[Saved entries]
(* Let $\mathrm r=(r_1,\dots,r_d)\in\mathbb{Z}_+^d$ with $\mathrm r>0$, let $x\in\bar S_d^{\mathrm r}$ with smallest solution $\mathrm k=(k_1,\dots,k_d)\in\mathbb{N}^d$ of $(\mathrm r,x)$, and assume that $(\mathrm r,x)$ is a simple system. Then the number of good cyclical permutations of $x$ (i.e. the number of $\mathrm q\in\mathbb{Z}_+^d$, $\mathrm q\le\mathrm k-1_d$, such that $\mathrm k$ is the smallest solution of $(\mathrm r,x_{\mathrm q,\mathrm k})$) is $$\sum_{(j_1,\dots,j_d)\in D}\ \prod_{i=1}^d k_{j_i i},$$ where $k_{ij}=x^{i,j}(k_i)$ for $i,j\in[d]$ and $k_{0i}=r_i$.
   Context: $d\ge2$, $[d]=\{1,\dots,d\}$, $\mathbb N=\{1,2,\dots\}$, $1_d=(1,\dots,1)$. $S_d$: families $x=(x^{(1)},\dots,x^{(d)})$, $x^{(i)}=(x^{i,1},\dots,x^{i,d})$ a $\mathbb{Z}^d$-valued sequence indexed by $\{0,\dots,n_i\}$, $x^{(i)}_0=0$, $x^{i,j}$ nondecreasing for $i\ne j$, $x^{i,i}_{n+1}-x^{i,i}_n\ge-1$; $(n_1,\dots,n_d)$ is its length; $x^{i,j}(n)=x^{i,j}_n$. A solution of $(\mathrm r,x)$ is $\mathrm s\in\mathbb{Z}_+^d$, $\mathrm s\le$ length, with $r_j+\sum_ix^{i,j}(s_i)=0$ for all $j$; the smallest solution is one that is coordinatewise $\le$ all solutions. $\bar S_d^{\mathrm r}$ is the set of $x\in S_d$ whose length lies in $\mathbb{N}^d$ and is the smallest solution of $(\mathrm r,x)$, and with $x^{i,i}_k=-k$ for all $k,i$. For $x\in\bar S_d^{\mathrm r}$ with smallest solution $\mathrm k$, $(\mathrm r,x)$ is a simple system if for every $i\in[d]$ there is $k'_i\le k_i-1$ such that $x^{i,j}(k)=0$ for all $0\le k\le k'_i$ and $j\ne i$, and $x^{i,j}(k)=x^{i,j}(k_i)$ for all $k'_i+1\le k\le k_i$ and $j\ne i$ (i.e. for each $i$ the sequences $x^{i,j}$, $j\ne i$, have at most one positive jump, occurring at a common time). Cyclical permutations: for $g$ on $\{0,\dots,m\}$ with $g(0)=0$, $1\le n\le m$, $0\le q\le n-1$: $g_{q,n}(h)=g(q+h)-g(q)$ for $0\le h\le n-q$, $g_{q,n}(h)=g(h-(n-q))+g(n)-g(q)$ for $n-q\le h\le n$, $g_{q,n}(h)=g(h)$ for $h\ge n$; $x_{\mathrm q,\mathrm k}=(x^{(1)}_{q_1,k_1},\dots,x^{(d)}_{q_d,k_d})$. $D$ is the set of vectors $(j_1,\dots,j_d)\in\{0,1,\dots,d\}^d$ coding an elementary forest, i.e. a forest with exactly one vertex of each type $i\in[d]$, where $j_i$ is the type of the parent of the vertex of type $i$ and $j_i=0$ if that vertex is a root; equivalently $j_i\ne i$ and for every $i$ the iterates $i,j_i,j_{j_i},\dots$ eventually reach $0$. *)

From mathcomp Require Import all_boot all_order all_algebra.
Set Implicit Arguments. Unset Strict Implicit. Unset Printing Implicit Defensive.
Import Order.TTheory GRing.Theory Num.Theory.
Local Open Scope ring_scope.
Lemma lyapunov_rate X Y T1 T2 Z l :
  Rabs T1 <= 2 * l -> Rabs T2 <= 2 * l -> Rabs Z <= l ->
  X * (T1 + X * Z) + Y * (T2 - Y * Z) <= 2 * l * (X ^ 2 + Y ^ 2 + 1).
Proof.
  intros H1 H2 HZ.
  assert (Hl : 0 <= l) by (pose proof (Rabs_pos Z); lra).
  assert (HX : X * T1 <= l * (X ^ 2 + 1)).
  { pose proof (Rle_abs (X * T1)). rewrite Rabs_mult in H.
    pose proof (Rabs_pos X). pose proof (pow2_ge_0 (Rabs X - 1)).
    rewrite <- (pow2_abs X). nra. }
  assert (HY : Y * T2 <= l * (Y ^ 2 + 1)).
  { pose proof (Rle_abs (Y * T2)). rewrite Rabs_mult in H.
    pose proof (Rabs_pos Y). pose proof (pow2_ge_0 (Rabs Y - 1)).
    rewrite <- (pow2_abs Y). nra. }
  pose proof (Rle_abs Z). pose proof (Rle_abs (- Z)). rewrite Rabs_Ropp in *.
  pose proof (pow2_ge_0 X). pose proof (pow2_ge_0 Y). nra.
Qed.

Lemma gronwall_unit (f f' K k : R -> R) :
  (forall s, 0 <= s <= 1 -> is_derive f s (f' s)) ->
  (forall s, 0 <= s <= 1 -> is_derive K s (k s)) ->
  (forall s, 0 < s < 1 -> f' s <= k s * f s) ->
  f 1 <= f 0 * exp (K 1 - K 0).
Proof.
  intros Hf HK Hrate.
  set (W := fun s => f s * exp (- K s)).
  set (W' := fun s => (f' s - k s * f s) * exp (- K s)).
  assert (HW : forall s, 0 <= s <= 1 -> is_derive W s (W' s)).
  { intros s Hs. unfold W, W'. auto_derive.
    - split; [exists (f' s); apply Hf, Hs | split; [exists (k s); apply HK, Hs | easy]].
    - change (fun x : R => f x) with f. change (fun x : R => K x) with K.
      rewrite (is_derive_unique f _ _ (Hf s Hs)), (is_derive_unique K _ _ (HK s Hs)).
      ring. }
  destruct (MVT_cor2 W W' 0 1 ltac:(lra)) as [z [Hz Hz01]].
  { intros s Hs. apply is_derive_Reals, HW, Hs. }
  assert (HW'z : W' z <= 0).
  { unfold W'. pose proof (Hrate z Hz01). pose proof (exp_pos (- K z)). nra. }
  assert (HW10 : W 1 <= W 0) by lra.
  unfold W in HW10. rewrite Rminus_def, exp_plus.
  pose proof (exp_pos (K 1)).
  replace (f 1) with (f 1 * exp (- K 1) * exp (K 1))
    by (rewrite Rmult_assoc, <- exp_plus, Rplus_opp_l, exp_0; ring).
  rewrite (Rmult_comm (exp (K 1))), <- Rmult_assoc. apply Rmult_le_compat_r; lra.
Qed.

INSTRUCTIONS FOR THE TASK:
Could you restate word for word the lines above from the one containing "rewrite <- (pow2_abs Y)." through the one containing "(forall s, 0 < s", both included, and nothing else?

EXERCISE RESPONSE:
    rewrite <- (pow2_abs Y). nra. }
  pose proof (Rle_abs Z). pose proof (Rle_abs (- Z)). rewrite Rabs_Ropp in *.
  pose proof (pow2_ge_0 X). pose proof (pow2_ge_0 Y). nra.
Qed.

Lemma gronwall_unit (f f' K k : R -> R) :
  (forall s, 0 <= s <= 1 -> is_derive f s (f' s)) ->
  (forall s, 0 <= s <= 1 -> is_derive K s (k s)) ->
  (forall s, 0 < s < 1 -> f' s <= k s * f s) ->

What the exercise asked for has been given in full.